The Aggies had a chance to end the game with possession at their own 7-yard line with 4:23 to go. However, Utah State had to punt the ball away with 2:21 left. The Bobcats were able to drive down the field and score on a 1-yard rush by Tettleton with 13 seconds remaining, going up 24-23 after the extra point. The Bobcats were able to hold to victory after the Aggies were unable to score on their final possession.

With the win, the Ohio Bobcats won their first bowl game in school history.
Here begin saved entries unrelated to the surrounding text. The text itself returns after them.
(* The part of the profile at 0 is determined by #|X| and the rest, so
   #|X| and the positive part of the profile determine X. *)
Lemma set_of_profile X Y : #|X| = #|Y| ->
  (forall i, 0 < i -> profile X s i = profile Y s i) -> X = Y.
Proof.
move=> same_card same_prof.
have total Z : \sum_(i < #|T|.+1) profile Z s i = size s - #|Z|.
  rewrite sum_profile // ?count_enum ?ltnS ?max_card //.
  by rewrite -(count_predC (mem Z) s) count_enum addKn.
have same_prof0 : profile X s 0 = profile Y s 0.
  have shifted :
      \sum_(i < #|T|) profile X s (bump 0 i) = \sum_(i < #|T|) profile Y s (bump 0 i).
    by apply: eq_bigr => i _; apply: same_prof; rewrite /bump add1n.
  by have := total Y; rewrite -same_card -total !big_ord_recl /= shifted => /addIn.
apply/setP => v; apply: (profile_determines uniq_s) => //; first by rewrite !count_enum.
by case=> [|i] //; apply: same_prof.
Qed.

Definition padded_profile X (i : nat) : nat :=
  if i == 0 then 0 else profile X s i + (i == 1) * (M - inversions X s).

Lemma padded_profile_le X i : inversions X s <= M -> padded_profile X i <= M.
Proof.
move=> few; rewrite /padded_profile; case: eqP => // /eqP i_gt0.
have := profile_weight_le X i uniq_s.
by case: eqP => [-> | /eqP i_neq1] /=; nia.
Qed.

Lemma padded_profile_wsum X : inversions X s <= M ->
  \sum_(i < M.+1) i * padded_profile X i = M.
Proof.
move=> few.
have split_term (i : 'I_M.+1) :
    i * padded_profile X i = i * profile X s i + i * (1 == i : nat) * (M - inversions X s).
  by rewrite /padded_profile (eq_sym 1%N); case: eqP => [-> | _] //=; rewrite mulnDr mulnA.
rewrite (eq_bigr _ (fun i _ => split_term i)) big_split /= wsum_profile_inv //.
by rewrite -big_distrl /= sum_weighted_indicator /=; lia.
Qed.

(* The encoding; inord truncates, harmlessly, as all components are in range. *)
Definition encode X : 'I_#|T|.+1 * 'I_M.+1 * {ffun 'I_M.+1 -> 'I_M.+1} :=
  (inord #|X|, inord (inversions X s), [ffun i : 'I_M.+1 => inord (padded_profile X i)]).

Lemma encode_partition X : inversions X s <= M -> (encode X).2 \in partition_set M.
Proof.
move=> few; rewrite inE ffunE inordK //=; apply/eqP.
rewrite -[RHS](padded_profile_wsum few); apply: eq_bigr => i _.
by rewrite ffunE inordK // ltnS padded_profile_le.
Qed.

Lemma encode_inj : {in [set X | inversions X s <= M] &, injective encode}.
Proof.
move=> X Y; rewrite !inE => fewX fewY [same_card same_inv same_pad].
move/(congr1 (@nat_of_ord _)): same_card; rewrite !inordK ?ltnS ?max_card // => same_card.
move/(congr1 (@nat_of_ord _)): same_inv; rewrite !inordK ?ltnS // => same_inv.
apply: set_of_profile => // i i_gt0.
have [iM | Mi] := leqP i M; last by rewrite !profile_eq0_inv // ?same_inv; lia.
pose entry (f : {ffun 'I_M.+1 -> 'I_M.+1}) := nat_of_ord (f (Ordinal (iM : i < M.+1))).
move/(congr1 entry): same_pad.
rewrite /entry !ffunE !inordK ?ltnS ?padded_profile_le //.
by rewrite /padded_profile /= gtn_eqF // same_inv => /addIn.
Qed.

Lemma card_few_inversions :
  #|[set X | inversions X s <= M]| <= #|T|.+1 * M.+1 * npartitions M.
Proof.
rewrite -(card_in_imset encode_inj).
apply: leq_trans (subset_leq_card (_ : _ \subset setX [set: _] (partition_set M))) _.
  apply/subsetP => c /imsetP [X]; rewrite inE => few ->.
  by rewrite in_setX in_setT encode_partition.
by rewrite cardsX cardsT card_prod !card_ord.
Qed.

End Encoding.

Theorem card_kcuts (T : finType) (E : rel T) (k : nat) :
  semicomplete E -> (exists F : {set T * T}, feedback_arc_set E F /\ #|F| <= k) ->
  #|kcuts E k| <= #|T|.+1 * (2 * k).+1 * npartitions (2 * k).
Proof.
move=> semicomplete_E [F [[_ acyclic_rest] card_F]].
have [s [uniq_s s_all top]] := topological_enumeration acyclic_rest.
apply: leq_trans (card_few_inversions (2 * k) uniq_s s_all).
apply/subset_leq_card/subsetP => X kcut_X; rewrite inE.
exact: kcut_few_inversions top kcut_X.
Qed.

Lemma scaled_partition_bound (A e : R) (n m p : nat) :
  (INR p <= A / INR (m + 1) * e)%R -> (INR (n.+1 * m.+1 * p) <= A * e * INR (n + 1))%R.
Proof.
rewrite -(addn1 n) -(addn1 m) -!multE !mult_INR => p_bound.
have q_pos : (0 < INR (m + 1))%R by apply: lt_0_INR; apply/ltP; rewrite addn1.
have n_nonneg := pos_INR (n + 1).
have qp_bound : (INR (m + 1) * INR p <= A * e)%R.
  apply: Rle_trans (Rmult_le_compat_l _ _ _ (Rlt_le _ _ q_pos) p_bound) _.
  by right; field; lra.
rewrite Rmult_assoc (Rmult_comm (A * e)); exact: Rmult_le_compat_l.
Qed.

Unset Implicit Arguments.
Theorem mainTheorem9 (A : R)
  (hA : forall m : nat,
     (INR (npartitions m) <= A / INR (m + 1) * exp (Cconst * sqrt (INR m)))%R)
  (T : finType) (E : rel T) (k : nat)
  (hsc : semicomplete E)
  (hfas : exists F : {set T * T}, feedback_arc_set E F /\ #|F| <= k) :
  (INR #|kcuts E k| <= A * exp (Cconst * sqrt (2 * INR k)) * INR (#|T| + 1))%R.
Proof.
have count_bound := le_INR _ _ (elimT leP (card_kcuts hsc hfas)).
apply: Rle_trans count_bound _.
have -> : (2 * INR k)%R = INR (2 * k) by rewrite -multE mult_INR.
exact: scaled_partition_bound (hA (2 * k)).
Qed.
Lemma quadratic_root_bound L l K K' :
  0 <= l -> 1 <= K -> 0 <= K' ->
  L ^ 2 + l ^ 2 <= 2 * K * L * l + K' -> L <= 2 * K * l + sqrt K'.
Proof.
  intros Hl HK HK' Hq.
  set (S := sqrt K'). assert (HS : S ^ 2 = K') by (apply pow2_sqrt; exact HK').
  assert (HS0 : 0 <= S) by apply sqrt_pos.
  destruct (Rle_or_lt L (2 * K * l + S)) as [|Hc]; [assumption|exfalso].
  assert (H0 : 0 <= 2 * K * l) by (apply Rmult_le_pos; lra).
  assert (L * (2 * K * l + S) < L * L) by (apply Rmult_lt_compat_l; lra).
  assert (S * S <= L * S) by (apply Rmult_le_compat_r; lra).
  nra.
Qed.

(* The (K,K') distortion inequality ||Dw||^2 <= 2 K J + K' together with
   a lower bound G for |w_z| - |w_zbar| bounds |Dw| = |w_z| + |w_zbar|:
   with L = |w_z| + |w_zbar|, l = |w_z| - |w_zbar| it reads L^2 + l^2 <= 2 K L l + K'. *)
Lemma opnorm_le_of_distortion ux uy vx vy K K' G :
  1 <= K -> 0 <= K' -> 0 <= jac ux uy vx vy ->
  hsnorm_sq ux uy vx vy <= 2 * K * jac ux uy vx vy + K' ->
  abs_wz ux uy vx vy - abs_wzb ux uy vx vy <= G ->
  opnorm ux uy vx vy <= 2 * K * G + sqrt K'.
Proof.
  intros HK HK' HJ Hdist HG. unfold opnorm. unfold jac, hsnorm_sq in *.
  set (a := abs_wz ux uy vx vy) in *. set (b := abs_wzb ux uy vx vy) in *.
  assert (Ha : 0 <= a) by apply norm2_nonneg.
  assert (Hb : 0 <= b) by apply norm2_nonneg.
  assert (Hl : 0 <= a - b) by nra.
  apply Rle_trans with (2 * K * (a - b) + sqrt K'); [|nra].
  apply quadratic_root_bound; [exact Hl|exact HK|exact HK'|nra].
Qed.

Lemma partials_unique w z ux uy vx vy ux' uy' vx' vy' :
  has_partials w z ux uy vx vy -> has_partials w z ux' uy' vx' vy' ->
  ux = ux' /\ uy = uy' /\ vx = vx' /\ vy = vy'.
Proof.
  intros [P1 [P2 [P3 P4]]] [Q1 [Q2 [Q3 Q4]]].
  repeat split; eapply uniqueness_limite; eassumption.
Qed.

Theorem lemma3p2
  (Omega1 Omega2 : Pt -> Prop) (gamma1 gamma2 : C2curve)
  (HO1 : C2_jordan_domain Omega1 gamma1)
  (HO2 : C2_jordan_domain Omega2 gamma2)
  (Hsub : forall p, closure Omega2 p -> Omega1 p)
  (d1 : Pt -> R)
  (Hd1 : forall p, is_inf (fun r => exists q, boundary Omega1 q /\ r = dist2 p q) (d1 p))
  (kappa0 : R)
  (Hkappa0 : is_lub (fun k => exists t, k = Rabs (curvature gamma1 t)) kappa0)
  (mu : R) (Hmu0 : 0 < mu) (Hmu1 : mu < / kappa0)
  (D : Pt -> Prop) (HD : domain D)
  (w : Pt -> Pt) (K K' : R)
  (Hw : KKquasiconformal w D K K')
  (HwOmega : forall z, D z -> Omega1 (w z) /\ ~ closure Omega2 (w z)) :
  exists N : Pt -> Prop, null2 N /\
    forall (z : Pt) (ux uy vx vy gx gy : R),
      D z -> ~ N z ->
      (Omega1 (w z) /\ ~ closure Omega2 (w z)) -> d1 (w z) <= mu ->
      differentiable_at w z ux uy vx vy ->
      has_gradient (fun y => - d1 (w y)) z gx gy ->
      norm2 (gx, gy) <= opnorm ux uy vx vy /\
      opnorm ux uy vx vy <= 2 * K * norm2 (gx, gy) + sqrt K'.
Proof.
  destruct Hw as [HK [HK' [_ [N [HN Hdistortion]]]]].
  exists N. split; [exact HN|].
  intros z ux uy vx vy gx gy Dz Nz [Hin _] _ Hdiff Hgrad.
  split.
  - exact (gradient_le_opnorm w d1 z ux uy vx vy gx gy
             (inf_dist_nonexpansive _ d1 Hd1) Hdiff Hgrad).
  - destruct (Hdistortion z Dz Nz) as [ux' [uy' [vx' [vy' [Hpart [HJ Hqc]]]]]].
    destruct (partials_unique w z _ _ _ _ _ _ _ _ Hpart (differentiable_partials _ _ _ _ _ _ Hdiff))
      as [-> [-> [-> ->]]].
    apply opnorm_le_of_distortion; try assumption.
    destruct HO1 as [[HOpen _] _].
    apply (wirtinger_gap_le_gradient w d1 z); try assumption.
    + exact (inf_dist_approx _ d1 Hd1).
    + exact (dist_boundary_pos Omega1 d1 (w z) Hd1 HOpen Hin).
Qed.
The Bobcats also had their first 10-win season since 1968.

==Scoring summary==
Source.

| Scoring Play | Score |
1st Quarter
| USU – Ball falls through endzone, safety, 8:02 | USU 2–0 |
| USU – Tarren Lloyd 3 Yd Pass From Adam Kennedy (Josh Thompson Kick), 3:39 | USU 9-0 |
2nd Quarter
| Ohio – Derek Roback 26 Yd Pass From Tyler Tettleton (Matt Weller Kick), 4:40 | USU 9-7 |
3rd Quarter
| USU – Michael Smith 63 Yd Run (Josh Thompson Kick), 12:19 | USU 16-7 |
| Ohio – Matt Weller 32 Yd field goal, 9:52 | USU 16-10 |
| USU – Michael Smith 11 Yd Run (Josh Thompson Kick), 5:51 | USU 23-10 |
| Ohio – LaVon Brazill 44 Yd Pass From Tyler Tettleton (Matt Weller Kick), 3:45 | USU 23-17 |
4th Quarter
| Ohio – Tyler Tettleton 1 Yd Run (Matt Weller Kick) | Ohio 24-23 |

===Statistics===

| Statistics | Ohio | USU |
|---|---|---|
| First downs | 22 | 18 |
| Rushes-yards (net) | 42–125 | 50–345 |
| Passing yards (net) | 220 | 96 |
| Passes, Att-Comp-Int | 26–19–0 | 19–12–0 |
| Total offense, plays – yards | 68–345 | 69–441 |
| Time of Possession | 26:48 | 33:12 |

==Referee call==
This game was notable for a confusing set of explanations by referee Penn Wagers on the play that led to the game-winning touchdown. The initial ruling on the field is that Ohio wide receiver LaVon Brazill had crossed the goal line for the touchdown on a reception from Tyler Tettleton. But a replay review of the play was issued following the play to determine if Brazill was downed before getting the ball into the end zone. After a first look, Wagers came out to confirm the touchdown, indicating that the evidence is clear that Brazill scored the touchdown. But there was confusion as to the reason it was a touchdown. It appeared that Brazill fumbled the ball and since he recovered his own fumble, that he is allowed to advance it making the score a touchdown. After further discussion, Wagers came out and said:

"There's a correction on the play. The receiver who recovered the ball, I mean, fumbled the ball, into the end zone, was the player who ended up getting the ball in the end zone. Therefore, it is a touchdown."

However, after another review, the touchdown was reversed since Brazill was downed before getting the ball into the end zone. Wagers then said:

"Replay has reviewed, the boy who caught the pass was down at the 6-inch line prior to fumbling the ball. That is the ruling. The ball will be placed at the 6-inch line. First down."

Two plays later, Ohio scored the game-winning touchdown.